Storage Class - Introduction

Different kinds of data can be store in Cloud Storage
- Media files, archives
- App packages and logs
- Backups of your databases or storage devices
- Long term archives
Huge variation in access patterns
If accessed less frequently, can the storaged object be paid at a cheaper price?
- Storage classes help to optimize your costs based on your access needs
  - Design for durability of 99.999999999% (11 9’s)

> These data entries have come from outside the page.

(* Let $m$ be a positive integer and let $a_1,\dots,a_m$ be distinct nonnegative integers; set $a_0=a_m$ and $a_{m+1}=a_1$. Let $\alpha=|\{i\in\{1,\dots,m\}: a_{i-1}<a_i>a_{i+1}\}|$. Then (i) $\sum_{i=1}^m\max\{a_i,a_{i+1}\}\ge\sum_{i=1}^m a_i+\max\{a_1,\dots,a_m\}-\min\{a_1,\dots,a_m\}+(\alpha-1)$; (ii) $\sum_{i=0}^{m-1}|a_i-a_{i+1}|\ge 2(m-1)+2(\alpha-1)\ge 2(m-1)$. *)

From mathcomp Require Import all_boot all_order all_algebra.
Set Implicit Arguments. Unset Strict Implicit. Unset Printing Implicit Defensive.
Import Order.TTheory GRing.Theory Num.Theory.

(* The sequence a_1,...,a_m is given as a : nat -> nat, only the values at
   indices 1..m matter.  [cyc a m i] is the cyclically extended sequence:
   a_0 := a_m, a_{m+1} := a_1, a_i otherwise. *)
Definition cyc (a : nat -> nat) (m i : nat) : nat :=
  if i == 0 then a m else if i == m.+1 then a 1 else a i.

Definition npeaks (a : nat -> nat) (m : nat) : nat :=
  count (fun i => (cyc a m i.-1 < cyc a m i) && (cyc a m i.+1 < cyc a m i))
        (iota 1 m).

Definition amax (a : nat -> nat) (m : nat) : nat := \max_(1 <= i < m.+1) a i.
Definition amin (a : nat -> nat) (m : nat) : nat :=
  \big[minn/a 1]_(1 <= i < m.+1) a i.

From mathcomp Require Import all_boot all_order all_algebra zify.
Import Order.TTheory GRing.Theory Num.Theory.
Set Implicit Arguments. Unset Strict Implicit. Unset Printing Implicit Defensive.

(* Extend a_1, ..., a_m to an m-periodic walk f.  Its rise
   sum_k (f (k+1) - f k)_+ over one period counts the pairs (k, t) with
   f k <= t < f (k+1), i.e. it is the sum over all levels t of the number of
   upcrossings of t.  Every level t with min <= t < max is upcrossed, and the
   level just below a peak other than the maximum is upcrossed twice: on the
   way up to the peak, and between its right neighbour and the next maximum.
   Peak values being distinct, rise >= max - min + (alpha - 1).  As the walk
   is closed, its rise equals its fall; hence sum_i max(a_i, a_(i+1)) =
   sum_i a_i + rise and the total variation is twice the rise.  Finally
   max - min >= m - 1 for distinct integers, and the maximum is a peak once
   m >= 2. *)

Lemma sum_indicator_itv x y M :
  \sum_(0 <= t < M) ((x <= t) && (t < y)) = minn y M - minn x M.
Proof.
elim: M => [|M IH]; first by rewrite big_nil !minn0.
by rewrite big_nat_recr //= IH; case: (leqP x M); case: (ltnP M y) => /=; lia.
Qed.

Lemma leq_sum_nat_subrange (F : nat -> nat) lo a b hi :
  lo <= a -> b <= hi -> \sum_(a <= k < b) F k <= \sum_(lo <= k < hi) F k.
Proof.
move=> lo_a b_hi; case: (leqP a b) => [a_b|b_a]; last by rewrite big_geq // ltnW.
rewrite (big_cat_nat lo_a (leq_trans a_b b_hi)) (big_cat_nat a_b b_hi) /=.
by rewrite addnCA leq_addr.
Qed.

Lemma sum_periodic_window (F : nat -> nat) m s :
  (forall k, F (k + m) = F k) -> \sum_(s <= k < s + m) F k = \sum_(0 <= k < m) F k.
Proof.
move=> F_per; elim: s => // s IH.
apply/(@addnI (F s)); rewrite -big_ltn ?leq_addr // -IH addSn big_nat_recr ?leq_addr //=.
by rewrite addnC F_per.
Qed.

Lemma count_sumE (T : Type) (P : pred T) (s : seq T) : count P s = \sum_(i <- s) P i.
Proof. by rewrite -sum1_count big_mkcond. Qed.

Lemma eq_mod_window m lo i j :
  lo <= i < lo + m -> lo <= j < lo + m -> i = j %[mod m] -> i = j.
Proof.
wlog le_ij : i j / i <= j => [hwlog|hi hj].
  by case: (leqP i j) => [|/ltnW] le hi hj eij; [|symmetry]; apply: hwlog.
rewrite -(subnKC le_ij) -{1}[i]addn0 => /eqP; rewrite eqn_modDl mod0n.
by rewrite modn_small; lia.
Qed.

Lemma mem_big_selective (op : nat -> nat -> nat) x0 (F : nat -> nat) s :
  (forall x y, op x y = x \/ op x y = y) ->
  \big[op/x0]_(i <- s) F i \in x0 :: map F s.
Proof.
move=> op_sel; rewrite big_seq; elim/big_ind: _ => [|x y|i si]; first exact: mem_head.
  by case: (op_sel x y) => ->.
by rewrite inE map_f ?orbT.
Qed.

Section Upcrossings.
Variable f : nat -> nat.

Definition upcross (t k : nat) : bool := (f k <= t) && (t < f k.+1).

Lemma sum_rise_upcross lo hi M : (forall k, f k <= M) ->
  \sum_(lo <= k < hi) (f k.+1 - f k) =
  \sum_(0 <= t < M) \sum_(lo <= k < hi) upcross t k.
Proof.
move=> f_le; rewrite exchange_big; apply: eq_bigr => k _.
by rewrite sum_indicator_itv !(minn_idPl (f_le _)).
Qed.

Lemma sum_upcross_gt0 lo j l hi t : lo <= j <= l -> l <= hi -> f j <= t < f l ->
  0 < \sum_(lo <= k < hi) upcross t k.
Proof.
move=> /andP[lo_j j_l] l_hi /andP[fj_t t_fl].
apply: leq_trans _ (leq_sum_nat_subrange _ lo_j l_hi).
elim: l j_l t_fl {l_hi} => [|l IH]; first by rewrite leqn0 => /eqP j0; rewrite j0 in fj_t; lia.
rewrite leq_eqVlt ltnS => /orP[/eqP <-|j_l] t_fl; first lia.
rewrite big_nat_recr //=; case: (ltnP t (f l)) => [/(IH j_l)|fl_t]; first lia.
by rewrite /upcross fl_t t_fl addn1.
Qed.

End Upcrossings.

Section PeriodicWalk.
Variables (f : nat -> nat) (m : nat).
Hypothesis f_periodic : forall k, f (k + m) = f k.
Hypothesis f_inj_mod : forall i j, f i = f j -> i = j %[mod m].

Definition peak i := (f i.-1 < f i) && (f i.+1 < f i).
Definition rise := \sum_(0 <= k < m) (f k.+1 - f k).
Definition upcrossings t := \sum_(0 <= k < m) upcross f t k.

Lemma peak_periodic i : 0 < i -> peak (i + m) = peak i.
Proof. by case: i => // i _; rewrite /peak addSn /= -!addSn !f_periodic. Qed.

Lemma eq_in_window lo i j :
  lo <= i < lo + m -> lo <= j < lo + m -> f i = f j -> i = j.
Proof. by move=> hi hj /f_inj_mod; apply: eq_mod_window hi hj. Qed.

Lemma upcrossings_window j t :
  \sum_(j <= k < j + m) upcross f t k = upcrossings t.
Proof. by apply: sum_periodic_window => k; rewrite /upcross -addSn !f_periodic. Qed.

Lemma fall_eq_rise : \sum_(0 <= k < m) (f k - f k.+1) = rise.
Proof.
have shift : \sum_(0 <= k < m) f k.+1 = \sum_(0 <= k < m) f k.
  by rewrite -(sum_periodic_window 1 f_periodic) big_add1.
apply/(@addnI (\sum_(0 <= k < m) f k)); rewrite -{1}shift -!big_split /=.
by apply: eq_bigr => k _; rewrite -!maxnE maxnC.
Qed.

Lemma upcrossings_gt0 i j t : j <= i <= j + m -> f i <= t < f j ->
  0 < upcrossings t.
Proof.
move=> ji t_bet; rewrite -(upcrossings_window j).
by apply: (sum_upcross_gt0 (j := i) (l := j + m)); rewrite ?f_periodic.
Qed.

Lemma upcrossings_gt1 j p : j < p < j + m -> peak p -> f p < f j ->
  1 < upcrossings (f p).-1.
Proof.
move=> /andP[j_p p_jm] /andP[lt_prev lt_next] fp_fj.
rewrite -(upcrossings_window j) (big_cat_nat (ltnW j_p) (ltnW p_jm)) /=.
have below : 0 < \sum_(j <= k < p) upcross f (f p).-1 k.
  by apply: (sum_upcross_gt0 (j := p.-1) (l := p)); lia.
have above : 0 < \sum_(p <= k < j + m) upcross f (f p).-1 k.
  by apply: (sum_upcross_gt0 (j := p.+1) (l := j + m)); rewrite ?f_periodic; lia.
lia.
Qed.

Lemma count_same_value_le1 (P : pred nat) :
  (forall i j, P i -> P j -> f i = f j) -> count P (iota 1 m) <= 1.
Proof.
move=> same; rewrite -size_filter.
have := filter_uniq P (iota_uniq 1 m); have mem := mem_filter P ^~ (iota 1 m).
case: (filter P (iota 1 m)) mem => [|i [|j s]] //= mem.
rewrite !inE negb_or => /andP[/andP[/eqP ij _] _]; case: ij.
have /andP[Pi iw] : P i && (i \in iota 1 m) by rewrite -mem mem_head.
have /andP[Pj jw] : P j && (j \in iota 1 m) by rewrite -mem !inE eqxx orbT.
by move: iw jw; rewrite !mem_iota => iw jw; apply: eq_in_window iw jw (same _ _ Pi Pj).
Qed.

Variables (M mn : nat).
Hypotheses (f_le_max : forall k, f k <= M) (f_ge_min : forall k, mn <= f k).

Lemma size_le_range : m <= M - mn + 1.
Proof.
have uniq_vals : uniq (map f (iota 1 m)).
  by rewrite map_inj_in_uniq ?iota_uniq // => i j; rewrite !mem_iota; apply: eq_in_window.
have := uniq_leq_size uniq_vals (s2 := iota mn (M - mn + 1)).
rewrite size_map !size_iota; apply=> _ /mapP[i _ ->]; rewrite mem_iota.
by have := f_le_max i; have := f_ge_min i; lia.
Qed.

Definition low_peak i := peak i && (f i < M).
Definition low_peaks_at t := count (fun i => low_peak i && ((f i).-1 == t)) (iota 1 m).

Lemma count_peak_le : count peak (iota 1 m) <= count low_peak (iota 1 m) + 1.
Proof.
have max_once : count (fun i => f i == M) (iota 1 m) <= 1.
  by apply: count_same_value_le1 => i j /eqP-> /eqP->.
apply: (@leq_trans (count (predU low_peak (fun i => f i == M)) (iota 1 m))).
  apply: sub_count => i /= pk; rewrite /low_peak pk ltn_neqAle f_le_max andbT /=.
  by case: eqP.
by have := count_predUI low_peak (fun i => f i == M) (iota 1 m); lia.
Qed.

Variable iM : nat.
Hypotheses (f_iM : f iM = M) (iM_window : 0 < iM <= m).

Lemma peak_argmax : 1 < m -> peak iM.
Proof.
move=> m_gt1; rewrite /peak f_iM !ltn_neqAle !f_le_max !andbT -f_iM.
apply/andP; split; apply/eqP.
  by move/(eq_in_window (lo := iM.-1)); lia.
by move/(eq_in_window (lo := iM)); lia.
Qed.

Lemma upcrossings_gt1_low_peak i : 0 < i <= m -> low_peak i ->
  1 < upcrossings (f i).-1.
Proof.
move=> iw /andP[pk]; rewrite -f_iM => fi_M.
have ne : i != iM by apply: contraTneq fi_M => ->; rewrite ltnn.
case: (ltnP iM i) => [lt|le].
  by apply: (upcrossings_gt1 (j := iM)) => //; lia.
rewrite -f_periodic; apply: (upcrossings_gt1 (j := iM)); rewrite ?peak_periodic ?f_periodic //; lia.
Qed.

Variable imn : nat.
Hypotheses (f_imn : f imn = mn) (imn_window : 0 < imn <= m).

Lemma upcrossings_gt0_min_max t : mn <= t < M -> 0 < upcrossings t.
Proof.
rewrite -f_imn -f_iM => t_bet; case: (leqP iM imn) => [le|lt].
  by apply: (upcrossings_gt0 (i := imn) (j := iM)) => //; lia.
by apply: (upcrossings_gt0 (i := imn + m) (j := iM)); rewrite ?f_periodic //; lia.
Qed.

Lemma upcrossings_ge t : t < M -> (mn <= t < M) + low_peaks_at t <= upcrossings t.
Proof.
move=> tM; rewrite tM andbT.
have le1 : low_peaks_at t <= 1.
  apply: count_same_value_le1 => i j.
  by move=> /andP[/andP[/andP[pi _] _] /eqP ei] /andP[/andP[/andP[pj _] _] /eqP ej]; lia.
case: (posnP (low_peaks_at t)) => [->|].
  by rewrite addn0; case: (leqP mn t) => // mn_t; apply: upcrossings_gt0_min_max; lia.
move=> pos; have /hasP[i] : has (fun i => low_peak i && ((f i).-1 == t)) (iota 1 m).
  by rewrite has_count.
rewrite mem_iota => iw /andP[lp /eqP ti].
have := upcrossings_gt1_low_peak iw lp; rewrite ti.
have := leq_b1 (mn <= t); lia.
Qed.

Lemma rise_ge : M - mn + count low_peak (iota 1 m) <= rise.
Proof.
have sum_min : \sum_(0 <= t < M) ((mn <= t) && (t < M)) = M - mn.
  by rewrite sum_indicator_itv minnn (minn_idPl _) // -f_iM.
have sum_low : \sum_(0 <= t < M) low_peaks_at t = count low_peak (iota 1 m).
  under eq_bigr do rewrite /low_peaks_at count_sumE.
  rewrite exchange_big count_sumE; apply: eq_bigr => i _.
  case: (boolP (low_peak i)) => [lp|_] /=; last by rewrite big1.
  rewrite -count_sumE (eq_count (a2 := pred1 (f i).-1)) => [|t]; last exact: eq_sym.
  move: lp => /andP[_ fi_M].
  by rewrite count_uniq_mem ?iota_uniq // mem_iota add0n subn0 (leq_ltn_trans (leq_pred _) fi_M).
rewrite /rise (sum_rise_upcross 0 m f_le_max) -sum_min -sum_low -big_split /=.
rewrite big_seq [leqRHS]big_seq.
by apply: leq_sum => t; rewrite mem_index_iota => /andP[_ tM]; apply: upcrossings_ge.
Qed.

Lemma rise_bound : M - mn + count peak (iota 1 m) <= rise + 1.
Proof. by have := rise_ge; have := count_peak_le; lia. Qed.

End PeriodicWalk.

Definition cyc_ext (a : nat -> nat) (m k : nat) : nat := a ((k + m.-1) %% m).+1.

Section CyclicSequence.
Variables (a : nat -> nat) (m : nat).
Hypothesis m_gt0 : 0 < m.
Hypothesis a_inj : forall i j, 1 <= i <= m -> 1 <= j <= m -> a i = a j -> i = j.
Local Notation f := (cyc_ext a m).

Lemma cyc_ext_periodic k : f (k + m) = f k.
Proof. by rewrite /cyc_ext addnAC modnDr. Qed.

Lemma cyc_ext_index k : 1 <= ((k + m.-1) %% m).+1 <= m.
Proof. by rewrite ltn_mod. Qed.

Lemma cyc_cyc_ext k : k <= m.+1 -> cyc a m k = f k.
Proof.
rewrite /cyc /cyc_ext; case: k => [_|k k_le] /=.
  by rewrite add0n modn_small ?prednK //; lia.
rewrite addSn -addnS prednK // modnDr; case: eqP => [[->]|ne]; first by rewrite modnn.
by rewrite modn_small //; lia.
Qed.

Lemma cyc_ext_window i : 1 <= i <= m -> f i = a i.
Proof.
move=> iw; rewrite -cyc_cyc_ext; last lia.
by rewrite /cyc !ifN //; lia.
Qed.

Lemma cyc_ext_inj_mod i j : f i = f j -> i = j %[mod m].
Proof.
move=> /(a_inj (cyc_ext_index i) (cyc_ext_index j)) [] /eqP.
by rewrite eqn_modDr => /eqP.
Qed.

Lemma cyc_ext_le_amax k : f k <= amax a m.
Proof. by apply: leq_bigmax_seq; rewrite ?mem_index_iota ?cyc_ext_index. Qed.

Lemma amin_le_cyc_ext k : amin a m <= f k.
Proof.
rewrite /amin -minEnat; apply: (@ge_bigmin_seq _ nat nat _ (a 1) _ xpredT) => //.
by rewrite mem_index_iota cyc_ext_index.
Qed.

Lemma amax_attained : exists2 i, 0 < i <= m & f i = amax a m.
Proof.
have sel x y : maxn x y = x \/ maxn x y = y by lia.
have : amax a m \in 0 :: map a (index_iota 1 m.+1) := mem_big_selective _ _ _ sel.
rewrite inE => /orP[/eqP max0|/mapP[i]].
  by exists 1 => //; have := cyc_ext_le_amax 1; rewrite max0; lia.
by rewrite mem_index_iota => iw ->; exists i; rewrite ?cyc_ext_window.
Qed.

Lemma amin_attained : exists2 i, 0 < i <= m & f i = amin a m.
Proof.
have sel x y : minn x y = x \/ minn x y = y by lia.
have : amin a m \in a 1 :: map a (index_iota 1 m.+1) := mem_big_selective _ _ _ sel.
rewrite inE => /orP[/eqP->|/mapP[i]]; first by exists 1; rewrite ?cyc_ext_window.
by rewrite mem_index_iota => iw ->; exists i; rewrite ?cyc_ext_window.
Qed.

Lemma npeaks_cyc_ext : npeaks a m = count (peak f) (iota 1 m).
Proof.
by apply: eq_in_count => i; rewrite mem_iota => iw; rewrite /peak !cyc_cyc_ext //; lia.
Qed.

Lemma npeaks_rise_bound : amax a m - amin a m + npeaks a m <= rise f m + 1.
Proof.
have [iM iMw fM] := amax_attained; have [imn imnw fmn] := amin_attained.
rewrite npeaks_cyc_ext.
exact: (rise_bound cyc_ext_periodic cyc_ext_inj_mod cyc_ext_le_amax amin_le_cyc_ext fM iMw fmn imnw).
Qed.

Lemma size_le_amax_sub_amin : m <= amax a m - amin a m + 1.
Proof. exact: (size_le_range cyc_ext_inj_mod cyc_ext_le_amax amin_le_cyc_ext). Qed.

Lemma npeaks_gt0 : 1 < m -> 0 < npeaks a m.
Proof.
move=> m_gt1; have [iM iMw fM] := amax_attained.
rewrite npeaks_cyc_ext -has_count; apply/hasP; exists iM; first by rewrite mem_iota; lia.
exact: (peak_argmax cyc_ext_inj_mod cyc_ext_le_amax fM iMw).
Qed.

Lemma sum_maxn_cyc :
  \sum_(1 <= i < m.+1) maxn (cyc a m i) (cyc a m i.+1) = \sum_(1 <= i < m.+1) a i + rise f m.
Proof.
rewrite /rise -(sum_periodic_window 1 (F := fun k => f k.+1 - f k)); last first.
  by move=> k; rewrite -addSn !cyc_ext_periodic.
rewrite add1n -big_split /=; apply: eq_big_nat => i iw.
by rewrite maxnE !cyc_cyc_ext ?(cyc_ext_window (i := i)) //; lia.
Qed.

Lemma sum_dist_cyc :
  \sum_(0 <= i < m) ((cyc a m i - cyc a m i.+1) + (cyc a m i.+1 - cyc a m i)) = 2 * rise f m.
Proof.
rewrite (eq_big_nat _ _ (F2 := fun i => (f i - f i.+1) + (f i.+1 - f i))) => [|i iw].
  by rewrite big_split /= fall_eq_rise ?mul2n ?addnn //; apply: cyc_ext_periodic.
by rewrite !cyc_cyc_ext //; lia.
Qed.

End CyclicSequence.

Unset Implicit Arguments.
Local Open Scope ring_scope.

Lemma sumz_nat (F : nat -> nat) lo hi :
  \sum_(lo <= i < hi) (F i)%:Z = (\sum_(lo <= i < hi) F i)%N%:Z.
Proof. by rewrite (big_morph Posz PoszD (erefl 0%:Z)). Qed.

Theorem lemma5p1 (m : nat) (a : nat -> nat) (hm : (0 < m)%N)
  (hdist : forall i j, (1 <= i <= m)%N -> (1 <= j <= m)%N -> a i = a j -> i = j) :
  (* (i) *)
  ((\sum_(1 <= i < m.+1) (maxn (cyc a m i) (cyc a m i.+1))%:Z : int)
     >= (\sum_(1 <= i < m.+1) (a i)%:Z) + (amax a m)%:Z - (amin a m)%:Z
        + ((npeaks a m)%:Z - 1))
  /\
  (* (ii) *)
  ((\sum_(0 <= i < m) `|(cyc a m i)%:Z - (cyc a m i.+1)%:Z| : int)
     >= 2 * (m%:Z - 1) + 2 * ((npeaks a m)%:Z - 1)
   /\ (\sum_(0 <= i < m) `|(cyc a m i)%:Z - (cyc a m i.+1)%:Z| : int)
     >= 2 * (m%:Z - 1)
   /\ ((1 < m)%N -> 2 * (m%:Z - 1) + 2 * ((npeaks a m)%:Z - 1) >= 2 * (m%:Z - 1))).
Proof.
have bound := npeaks_rise_bound hm hdist.
have range := size_le_amax_sub_amin hm hdist.
have peaks := npeaks_gt0 hm hdist.
have dist : \sum_(0 <= i < m) `|(cyc a m i)%:Z - (cyc a m i.+1)%:Z| =
    (2 * rise (cyc_ext a m) m)%N%:Z.
  by rewrite -sum_dist_cyc // -sumz_nat; apply: eq_bigr => i _; lia.
rewrite dist !sumz_nat (sum_maxn_cyc a hm).
lia.
Qed.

Storage Classes - Comparision

Storage Class	Name	Min storage duration	Typical monthly availability	Use case
Standard	STANDARD	None	Multi/dual region: > 99.99%Regions: 99.99%	Frequently used data
Nearline storage	NEARLINE	30 days	Multi/dual region: 99.95%Regions: 99.99%	Read or modify once a month on average
Coldline storage	COLDLINE	90 days	Multi/dual region: 99.95%Regions: 99.99%	Read or modify at most once a quarter
Archive storage	ARCHIVE	365 days	Multi/dual region: 99.95%Regions: 99.99%	Less less once a year

Features across Storage Classes

High durability (99.999999999% annual durability)
Low latency (first byte typically in tens of milliseconds)
Unlimited storage
- Autoscaling (No configuration needed)
- NO minimum object size
Same APIs across storage classes
Committed SLA is 99.95% for multi region and 99.9% for single region for Standard, Nearline, Coldline storage classes
- No committed SLA for archive storage

Committed SLA 服務等級協定/服務級別協定

Ｏbject Versioning

Prevents accidental deletion and provides history
- Enabled at bucket level
  - Can be turned on/off at any time
- Live version is the latest version
  - If you delete live object, it becomes noncurrent object version
  - If you delete noncurrent object version,
- Older versions are uniquely identified by (obejct key + a generation number)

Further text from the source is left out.